- [Required work] Which lines of the entries below run from the one holding "Mset q :|: [set (i, i)]." to the one holding "have [/exists_inP[G GS", inclusive? Set down exactly those lines and no others.

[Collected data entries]
(* For any $q\ge 1$, the simplicial complex $\mathbb{M}_q^2$ is a simplicial tree.
   Context: $\mathbb{M}_q^2$: vertex set $\{\ell_{i,j}:1\le i\le j\le q\}$, $\mathcal{M}=\{\ell_{i,j}:1\le i<j\le q\}$, $\mathcal{M}_i=\mathcal{M}\cup\{\ell_{i,i}\}$, and $\mathbb{M}_q^2$ is the simplicial complex whose facets are $\mathcal{M}_1,\ldots,\mathcal{M}_q$. A subcollection of a simplicial complex $\Delta$ is a subcomplex whose facets are facets of $\Delta$. $\Delta$ is connected if any two facets $F,G$ are joined by a sequence of facets $F=F_0,\ldots,F_r=G$ with $F_{k-1}\cap F_k\neq\emptyset$. A facet $F$ is a leaf if it is the only facet, or there is a facet $G\neq F$ with $F\cap H\subseteq G$ for all facets $H\neq F$. $\Delta$ is a simplicial forest if every subcollection has a leaf, and a simplicial tree if it is a connected simplicial forest. *)

From mathcomp Require Import all_boot.
Set Implicit Arguments. Unset Strict Implicit. Unset Printing Implicit Defensive.

(* A simplicial complex on a finite vertex type V is represented by its
   set of facets D : {set {set V}}. *)
Section SimplicialTrees.
Variable V : finType.

Definition subcollection (D S : {set {set V}}) : bool :=
  (S \subset D) && (S != set0).

Definition facet_adj (D : {set {set V}}) : rel {set V} :=
  fun F G => [&& F \in D, G \in D & F :&: G != set0].

Definition sc_connected (D : {set {set V}}) : Prop :=
  forall F G, F \in D -> G \in D -> connect (facet_adj D) F G.

Definition is_leaf (D : {set {set V}}) (F : {set V}) : Prop :=
  F \in D /\
  (D = [set F] \/
   exists2 G, G \in D & G != F /\ (forall H, H \in D -> H != F -> F :&: H \subset G)).

Definition simplicial_forest (D : {set {set V}}) : Prop :=
  forall S, subcollection D S -> exists F, is_leaf S F.

Definition simplicial_tree (D : {set {set V}}) : Prop :=
  sc_connected D /\ simplicial_forest D.

End SimplicialTrees.

(* The complex M_q^2.  Vertices l_{i,j} (1 <= i <= j <= q) are encoded
   0-indexed as pairs (i, j) : 'I_q * 'I_q with i <= j. *)
Definition Mset (q : nat) : {set 'I_q * 'I_q} := [set p : 'I_q * 'I_q | (p.1 < p.2)%N].

Definition Mfacet (q : nat) (i : 'I_q) : {set 'I_q * 'I_q} :=
  Mset q :|: [set (i, i)].

Definition M2 (q : nat) : {set {set 'I_q * 'I_q}} :=
  [set Mfacet i | i : 'I_q].

(* Any two distinct facets of M_q^2 meet exactly in the common part M, so the
   facets form a sunflower with core M.  In a sunflower, and in each of its
   subcollections, every facet F is a leaf: for another facet G and any
   H != F, F :&: H = M = F :&: G is contained in G.  Distinct facets meet
   because M contains l_{i,j} whenever i < j. *)
From mathcomp Require Import all_boot.

Set Implicit Arguments.
Unset Strict Implicit.
Unset Printing Implicit Defensive.

Section Sunflowers.
Variable V : finType.
Implicit Types (D S : {set {set V}}) (C F G H : {set V}).

Definition sunflower D C : Prop :=
  forall F G, F \in D -> G \in D -> F != G -> F :&: G = C.

Lemma sunflowerS D S C : S \subset D -> sunflower D C -> sunflower S C.
Proof. by move=> /subsetP sSD sunD F G /sSD FD /sSD GD; apply: sunD. Qed.

Lemma sunflower_leaf S C F : sunflower S C -> F \in S -> is_leaf S F.
Proof.
move=> sunS FS; split=> //.
have [/exists_inP[G GS nGF] | noG] := boolP [exists G in S, G != F].
  right; exists G => //; split=> // H HS nHF.
  by rewrite (sunS F H) // -?(sunS F G) ?subsetIr // eq_sym.
left; apply/setP=> G; rewrite in_set1.
apply/idP/eqP=> [GS | ->] //; apply/eqP; apply: contraNT noG => nGF.
by apply/exists_inP; exists G.
Qed.

Lemma sunflower_forest D C : sunflower D C -> simplicial_forest D.
Proof.
move=> sunD S /andP[sSD /set0Pn[F FS]]; exists F.
exact: sunflower_leaf (sunflowerS sSD sunD) FS.
Qed.

Lemma connected_pairwise_meet D :
  (forall F G, F \in D -> G \in D -> F != G -> F :&: G != set0) ->
  sc_connected D.
Proof.
move=> meetD F G FD GD; have [-> | nFG] := eqVneq F G; first exact: connect0.
by apply: connect1; rewrite /facet_adj FD GD meetD.
Qed.

End Sunflowers.

Section ComplexM2.
Variable q : nat.
Implicit Types i j : 'I_q.

Lemma Mfacet_setI i j : i != j -> Mfacet i :&: Mfacet j = Mset q.
Proof.
move=> nij; apply/setP=> x; rewrite !inE.
case: (x.1 < x.2)%N => //=; case: eqP => [-> | //].
by apply/negbTE; apply: contra nij => /eqP[->].
Qed.

Lemma Mset_neq0 i j : i != j -> Mset q != set0.
Proof.
move=> nij; apply/set0Pn.
have [lt_ij | lt_ji | /val_inj eq_ij] := ltngtP i j.
- by exists (i, j); rewrite inE.
- by exists (j, i); rewrite inE.
- by rewrite eq_ij eqxx in nij.
Qed.

Lemma M2_sunflower : sunflower (M2 q) (Mset q).
Proof.
move=> _ _ /imsetP[i _ ->] /imsetP[j _ ->] nFG.
by apply: Mfacet_setI; apply: contraNneq nFG => ->.
Qed.

Lemma M2_connected : sc_connected (M2 q).
Proof.
apply: connected_pairwise_meet => _ _ /imsetP[i _ ->] /imsetP[j _ ->] nFG.
have nij : i != j by apply: contraNneq nFG => ->.
by rewrite Mfacet_setI // (Mset_neq0 nij).
Qed.

End ComplexM2.

Theorem proposition3p3 (q : nat) : 1 <= q -> simplicial_tree (M2 q).
Proof.
move=> _; split; first exact: M2_connected.
exact: sunflower_forest (@M2_sunflower q).
Qed.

- [Result for this task]
  Mset q :|: [set (i, i)].

Definition M2 (q : nat) : {set {set 'I_q * 'I_q}} :=
  [set Mfacet i | i : 'I_q].

(* Any two distinct facets of M_q^2 meet exactly in the common part M, so the
   facets form a sunflower with core M.  In a sunflower, and in each of its
   subcollections, every facet F is a leaf: for another facet G and any
   H != F, F :&: H = M = F :&: G is contained in G.  Distinct facets meet
   because M contains l_{i,j} whenever i < j. *)
From mathcomp Require Import all_boot.

Set Implicit Arguments.
Unset Strict Implicit.
Unset Printing Implicit Defensive.

Section Sunflowers.
Variable V : finType.
Implicit Types (D S : {set {set V}}) (C F G H : {set V}).

Definition sunflower D C : Prop :=
  forall F G, F \in D -> G \in D -> F != G -> F :&: G = C.

Lemma sunflowerS D S C : S \subset D -> sunflower D C -> sunflower S C.
Proof. by move=> /subsetP sSD sunD F G /sSD FD /sSD GD; apply: sunD. Qed.

Lemma sunflower_leaf S C F : sunflower S C -> F \in S -> is_leaf S F.
Proof.
move=> sunS FS; split=> //.
have [/exists_inP[G GS nGF] | noG] := boolP [exists G in S, G != F].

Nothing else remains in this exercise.